The Presentence Investigation Report (PSR, D.E. 35) calculated Movant's base offense level at 30, and two levels were added for obstruction of justice because Movant testified falsely at trial. He was also subject to a one-level multiple count adjustment under U.S.S.G. § 3D1.4. With a criminal history category of III, his Guidelines sentencing range was 168 to 210 months' imprisonment. The Court granted defense counsel's motion for a downward variance based on Movant's mental and emotional condition and sentenced him to 151 months, to be followed by ten years' supervised release. Judgment was entered May 22, 2018.
Movant was charged by the grand jury on three separate indictments in 2017. On August 23, 2017, he was indicted in Case No. 2:17-CR-507 for being a convicted felon in possession of a firearm; on September 21, 2017, he was indicted in Case No. 2:17-CR-577 for possession with intent to distribute approximately 8.84 grams of methamphetamine; and on October 11, 2017, he was indicted in the current case for attempted sex trafficking of a minor. Movant pled guilty to the firearm and methamphetamine charges immediately after the pretrial conference on December 7, 2017. He was sentenced in all three cases at the same time.
Movant's sentence in the current case was ordered to run concurrently with his sentences in 2:17-CR-507 and 2:17-CR-577, for a total of 151 months' imprisonment.
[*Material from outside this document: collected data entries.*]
(* If $H$ is an abelian subgroup of $\operatorname{Sym}_n$ and $S=S_n(H)$, with $n\geq 3$, then $SzS$ is a prime ideal of $S$.
   Context: $S_n(H)$ is the monoid with presentation $\langle a_1,\dots,a_n \mid a_1\cdots a_n = a_{\sigma(1)}\cdots a_{\sigma(n)},\ \sigma\in H\rangle$, and $z=a_1a_2\cdots a_n$. An ideal $Q$ of a monoid $S$ is prime if $Q\neq S$ and, for $u,v\in S$, $uSv\subseteq Q$ implies $u\in Q$ or $v\in Q$. *)

From mathcomp Require Import all_boot all_fingroup.
From Stdlib Require Import Relations.
Set Implicit Arguments. Unset Strict Implicit. Unset Printing Implicit Defensive.

(* Words over the alphabet {a_1,...,a_n}, indexed by 'I_n (a_{i+1} <-> i). *)
Definition word (n : nat) := seq 'I_n.

Definition zword (n : nat) : word n := enum 'I_n.

Definition sword (n : nat) (s : {perm 'I_n}) : word n := map s (zword n).

Inductive pstep (n : nat) (H : {set {perm 'I_n}}) : word n -> word n -> Prop :=
  | PStep (p q : word n) (s : {perm 'I_n}) :
      s \in H -> pstep H (p ++ zword n ++ q) (p ++ sword s ++ q).

(* The congruence on the free monoid generated by the relations
   z = a_{s(1)}...a_{s(n)}, s in H: equal elements of S_n(H). *)
Definition peq (n : nat) (H : {set {perm 'I_n}}) : relation (word n) :=
  clos_refl_sym_trans _ (pstep H).

(* Subsets of S_n(H) represented as predicates on words, closed under peq. *)
Definition respects (n : nat) (H : {set {perm 'I_n}}) (Q : word n -> Prop) :=
  forall u v, peq H u v -> Q u -> Q v.

Definition is_ideal (n : nat) (H : {set {perm 'I_n}}) (Q : word n -> Prop) :=
  respects H Q /\ forall u s t, Q u -> Q (s ++ u ++ t).

Definition is_prime_ideal (n : nat) (H : {set {perm 'I_n}}) (Q : word n -> Prop) :=
  [/\ is_ideal H Q,
      (exists w, ~ Q w) &
      forall u v, (forall w, Q (u ++ w ++ v)) -> Q u \/ Q v].

Definition SzS (n : nat) (H : {set {perm 'I_n}}) (w : word n) : Prop :=
  exists p q, peq H w (p ++ zword n ++ q).

(* Both sides of every defining relation contain a factor a_{s(1)}...a_{s(n)}
   with s in H, so the elements of SzS are exactly the words containing such a
   factor.  The letters of such a factor are pairwise distinct, hence an
   occurrence of one inside u a^n v lies in u, lies in v, or meets a^n only in
   its last or its first letter.  In the latter two cases a is determined by u
   (resp. v): it is the letter missing from the last (first) n-1 letters.
   With three letters available, some a^n falls in neither boundary case, so
   u or v itself contains a factor. *)

From mathcomp Require Import all_boot all_fingroup.
From mathcomp Require Import zify.
From Stdlib Require Import Relations.

Set Implicit Arguments.
Unset Strict Implicit.
Unset Printing Implicit Defensive.

Section Factors.
Variable T : eqType.
Implicit Types (u v w : seq T) (a : T).

Lemma prefix_cat_split s1 s2 w :
  prefix w (s1 ++ s2) -> prefix w s1 \/ exists2 w2, w = s1 ++ w2 & prefix w2 s2.
Proof.
elim: s1 w => [|x s1 IH] w; first by right; exists w.
case: w => [|y w] /=; first by left.
case/andP=> /eqP-> /IH[pre|[w2 -> pre]]; first by left; rewrite /= eqxx.
by right; exists w2.
Qed.

Lemma uniq_not_prefix_nseq v w a j :
  uniq w -> 1 < size w -> 1 < j -> ~~ prefix w (nseq j a ++ v).
Proof.
case: w => [|x [|y w]] //; case: j => [|[|j]] // /andP[xNyw _] _ _ /=.
by apply/and3P=> -[/eqP xa /eqP ya _]; move: xNyw; rewrite inE xa ya eqxx.
Qed.

Lemma infix_nseq_cat v w a j :
  uniq w -> j <= size w -> infix w (nseq j a ++ v) -> infix w v || prefix w (a :: v).
Proof.
move=> w_uniq; elim: j => [|j IH] j_le; first by move->.
case/orP=> [pre|]; last exact: IH (ltnW j_le).
case: j {IH} j_le pre => [_ ->|j j_le pre]; first by rewrite orbT.
have j_gt1 : 1 < j.+2 by [].
by rewrite (negbTE (uniq_not_prefix_nseq v a w_uniq (leq_trans j_gt1 j_le) j_gt1)) in pre.
Qed.

Lemma infix_uniq_cat_nseq u v w a : uniq w ->
  infix w (u ++ nseq (size w) a ++ v) ->
  [\/ infix w u, infix w v, suffix w (rcons u a) | prefix w (a :: v)].
Proof.
move=> w_uniq; elim: u => [|x u IH].
  by case/(infix_nseq_cat w_uniq (leqnn _))/orP; [apply: Or42 | apply: Or44].
rewrite cat_cons infix_consl -cat_cons => /orP[|/IH[]]; last 4 first.
- by move=> inf; apply: Or41; apply: (infix_catl [:: x]).
- by apply: Or42.
- by move=> suf; apply: Or43; apply: (suffix_catr [:: x]).
- by apply: Or44.
case/prefix_cat_split=> [/prefixW | [w2 w_def]]; first by apply: Or41.
case: w2 w_def => [|y [|y' w2]] w_def.
- by rewrite cats0 in w_def; rewrite w_def infix_refl; apply: Or41.
- rewrite {1}w_def size_cat /= addnS /= andbT => /eqP y_a.
  by apply: Or43; rewrite w_def y_a cats1 suffix_refl.
- have w2_uniq : uniq [:: y, y' & w2] by move: w_uniq; rewrite w_def cat_uniq => /and3P[].
  have w_size : 1 < size w by rewrite w_def size_cat /=; lia.
  by move: (uniq_not_prefix_nseq v a w2_uniq isT w_size) => /negP.
Qed.

Lemma suffix_rcons_perm_eq u s1 s2 a b : s1 != [::] ->
  suffix s1 (rcons u a) -> suffix s2 (rcons u b) -> perm_eq s1 s2 -> a = b.
Proof.
rewrite -size_eq0 -lt0n => s1_gt0 + + eq12.
rewrite !suffixE !size_rcons -(perm_size eq12) => /eqP s1_def /eqP s2_def.
move: eq12; rewrite -s1_def -s2_def !drop_rcons; try lia.
rewrite -!cats1 perm_cat2l => /perm_mem/(_ a).
by rewrite !inE eqxx => /esym/eqP.
Qed.

Lemma prefix_cons_perm_eq v s1 s2 a b : s1 != [::] ->
  prefix s1 (a :: v) -> prefix s2 (b :: v) -> perm_eq s1 s2 -> a = b.
Proof.
rewrite -!suffix_rev !rev_cons -(perm_rev s1) perm_sym -(perm_rev s2) perm_sym.
by move=> s1N0; apply: suffix_rcons_perm_eq; rewrite -size_eq0 size_rev size_eq0.
Qed.

End Factors.

Lemma sword1 n : sword (1 : {perm 'I_n}) = zword n.
Proof. by rewrite /sword (eq_map (perm1 (T := 'I_n))) map_id. Qed.

Lemma size_sword n (s : {perm 'I_n}) : size (sword s) = n.
Proof. by rewrite size_map size_enum_ord. Qed.

Lemma uniq_sword n (s : {perm 'I_n}) : uniq (sword s).
Proof. by rewrite map_inj_uniq ?enum_uniq //; apply: perm_inj. Qed.

Lemma perm_sword n (s : {perm 'I_n}) : perm_eq (sword s) (zword n).
Proof.
apply: uniq_perm; rewrite ?uniq_sword ?enum_uniq // => x.
by rewrite mem_enum; apply/mapP; exists (s^-1 x)%g; rewrite ?mem_enum ?permKV.
Qed.

Section Presentation.
Variables (n : nat) (H : {group {perm 'I_n}}).

Definition has_sword_factor (w : word n) := [exists s in H, infix (sword s) w].
Definition ends_with_sword (u : word n) (a : 'I_n) :=
  [exists s in H, suffix (sword s) (rcons u a)].
Definition starts_with_sword (v : word n) (a : 'I_n) :=
  [exists s in H, prefix (sword s) (a :: v)].

Lemma pstep_has_sword_factor x y :
  pstep H x y -> has_sword_factor x && has_sword_factor y.
Proof.
case=> p q s s_H; apply/andP; split; apply/exists_inP.
  by exists 1%g; rewrite ?group1 // sword1 infix_infix.
by exists s; rewrite ?infix_infix.
Qed.

Lemma peq_has_sword_factor x y : peq H x y -> has_sword_factor x = has_sword_factor y.
Proof.
by elim=> {x y} [x y /pstep_has_sword_factor/andP[-> ->] | | x y _ -> | x y z _ -> _ ->].
Qed.

Lemma SzSP w : reflect (SzS H w) (has_sword_factor w).
Proof.
apply: (iffP idP) => [/exists_inP[s s_H /infixP[p [q ->]]] | [p [q w_z]]].
  by exists p, q; apply/rst_sym/rst_step; apply: PStep.
rewrite (peq_has_sword_factor w_z); apply/exists_inP.
by exists 1%g; rewrite ?group1 // sword1 infix_infix.
Qed.

Lemma has_sword_factor_around u v a :
  has_sword_factor (u ++ nseq n a ++ v) ->
  [|| has_sword_factor u, has_sword_factor v,
      ends_with_sword u a | starts_with_sword v a].
Proof.
case/exists_inP=> s s_H.
have := infix_uniq_cat_nseq (u := u) (v := v) (a := a) (uniq_sword s).
rewrite size_sword => /[apply] factor; apply/or4P.
by case: factor => f; [apply: Or41 | apply: Or42 | apply: Or43 | apply: Or44];
  apply/exists_inP; exists s.
Qed.

Lemma sword_nonempty (a : 'I_n) (s : {perm 'I_n}) : sword s != [::].
Proof. by rewrite -size_eq0 size_sword -lt0n (leq_ltn_trans _ (ltn_ord a)). Qed.

Lemma perm_eq_sword (s t : {perm 'I_n}) : perm_eq (sword s) (sword t).
Proof. by rewrite (perm_trans (perm_sword s)) // perm_sym perm_sword. Qed.

Lemma card_ends_with_sword u : #|ends_with_sword u| <= 1.
Proof.
apply/card_le1_eqP => a b /exists_inP[s _ s_a] /exists_inP[t _ t_b].
exact: suffix_rcons_perm_eq (sword_nonempty b t) t_b s_a (perm_eq_sword t s).
Qed.

Lemma card_starts_with_sword v : #|starts_with_sword v| <= 1.
Proof.
apply/card_le1_eqP => a b /exists_inP[s _ s_a] /exists_inP[t _ t_b].
exact: prefix_cons_perm_eq (sword_nonempty b t) t_b s_a (perm_eq_sword t s).
Qed.

End Presentation.

Lemma card_le2_cover (T : finType) (P Q : pred T) :
  #|P| <= 1 -> #|Q| <= 1 -> (forall x, P x || Q x) -> #|T| <= 2.
Proof.
move=> P_le1 Q_le1 PQ; apply: leq_trans (_ : #|[predU P & Q]| <= 2).
  by apply: subset_leq_card; apply/subsetP => x _; rewrite inE PQ.
rewrite -(leq_add2r #|[predI P & Q]|) cardUI.
by apply: leq_trans (leq_add P_le1 Q_le1) _; rewrite leq_addr.
Qed.

Theorem lemma4p2 (n : nat) (H : {group {perm 'I_n}}) :
  3 <= n -> abelian H -> is_prime_ideal H (SzS H).
Proof.
move=> n_ge3 _; split.
- split=> [x y x_y /SzSP x_f | u s t /SzSP/exists_inP[g g_H u_g]]; apply/SzSP.
    by rewrite -(peq_has_sword_factor x_y).
  by apply/exists_inP; exists g; rewrite ?(infix_catl _ (infix_catr _ u_g)).
- exists [::] => /SzSP/exists_inP[g _].
  by rewrite infixs0 -size_eq0 size_sword; case: n n_ge3 {H g}.
- move=> u v uSv.
  have [/SzSP u_SzS | u_free] := boolP (has_sword_factor H u); first by left.
  have [/SzSP v_SzS | v_free] := boolP (has_sword_factor H v); first by right.
  suff : n <= 2 by rewrite leqNgt n_ge3.
  rewrite -[n in n <= _]card_ord.
  apply: card_le2_cover (card_ends_with_sword H u) (card_starts_with_sword H v) _ => a.
  have /SzSP/has_sword_factor_around := uSv (nseq n a).
  by rewrite (negbTE u_free) (negbTE v_free).
Qed.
On appeal, Movant challenged the sufficiency of the evidence supporting his conviction. The Fifth Circuit Court of Appeals affirmed his conviction and sentence on June 10, 2019. United States v. Tunchez, 772 F. App'x 105 (5th Cir. 2019). Movant filed the current § 2255 motion on May 12, 2020. It is timely.
II. MOVANT'S ALLEGATIONS
Movant's § 2255 motion raises the following claims:
(1) Trial counsel was ineffective for failing to investigate Movant's key affirmative defense of entrapment, and appellate counsel was ineffective for failing to adequately brief the entrapment issue or raise an ineffective assistance of trial counsel claim on appeal;
(2) The evidence was insufficient to support Movant's conviction based on the affirmative defense of entrapment;
(3) The evidence was insufficient to support Movant's conviction because the Government failed to prove beyond a reasonable doubt that he took a substantial step towards the commission of the crime; and
(4) Movant's Fifth Amendment due process rights were violated because he was prosecuted under 18 U.S.C. § 1591(c), which was not part of the indictment and never "passed by a grand jury."
III. 18 U.S.C. § 2255
There are four cognizable grounds upon which a federal prisoner may move to vacate, set aside, or correct his sentence: (1) constitutional issues, (2) challenges to the district court's jurisdiction to impose the sentence, (3) challenges to the length of a sentence in excess of the statutory maximum, and (4) claims that the sentence is otherwise subject to collateral attack. 28 U.S.C. § 2255; United States v. Placente, 81 F.3d 555, 558 (5th Cir. 1996). "Relief under 28 U.S.C. § 2255 is reserved for transgressions of constitutional rights and for a narrow range of injuries that could not have been raised on direct appeal and would, if condoned, result in a complete miscarriage of justice." United States v. Vaughn, 955 F.2d 367, 368 (5th Cir. 1992).
A. Grounds 1& 2: Counsels' Failure to Raise Entrapment Claims
Movant claims that he is actually innocent of attempted sex trafficking of a minor because "the officer's inducement, actions, & suggestions were all acts of entrapment." D.E. 83, p. 5. According to Movant, had trial counsel performed a proper investigation and presented the "key defense of entrapment" at trial, Movant would not have been found guilty. Movant also complains that appellate counsel was ineffective for failing to adequately brief the entrapment issue or raise an ineffective assistance of trial counsel claim on appeal.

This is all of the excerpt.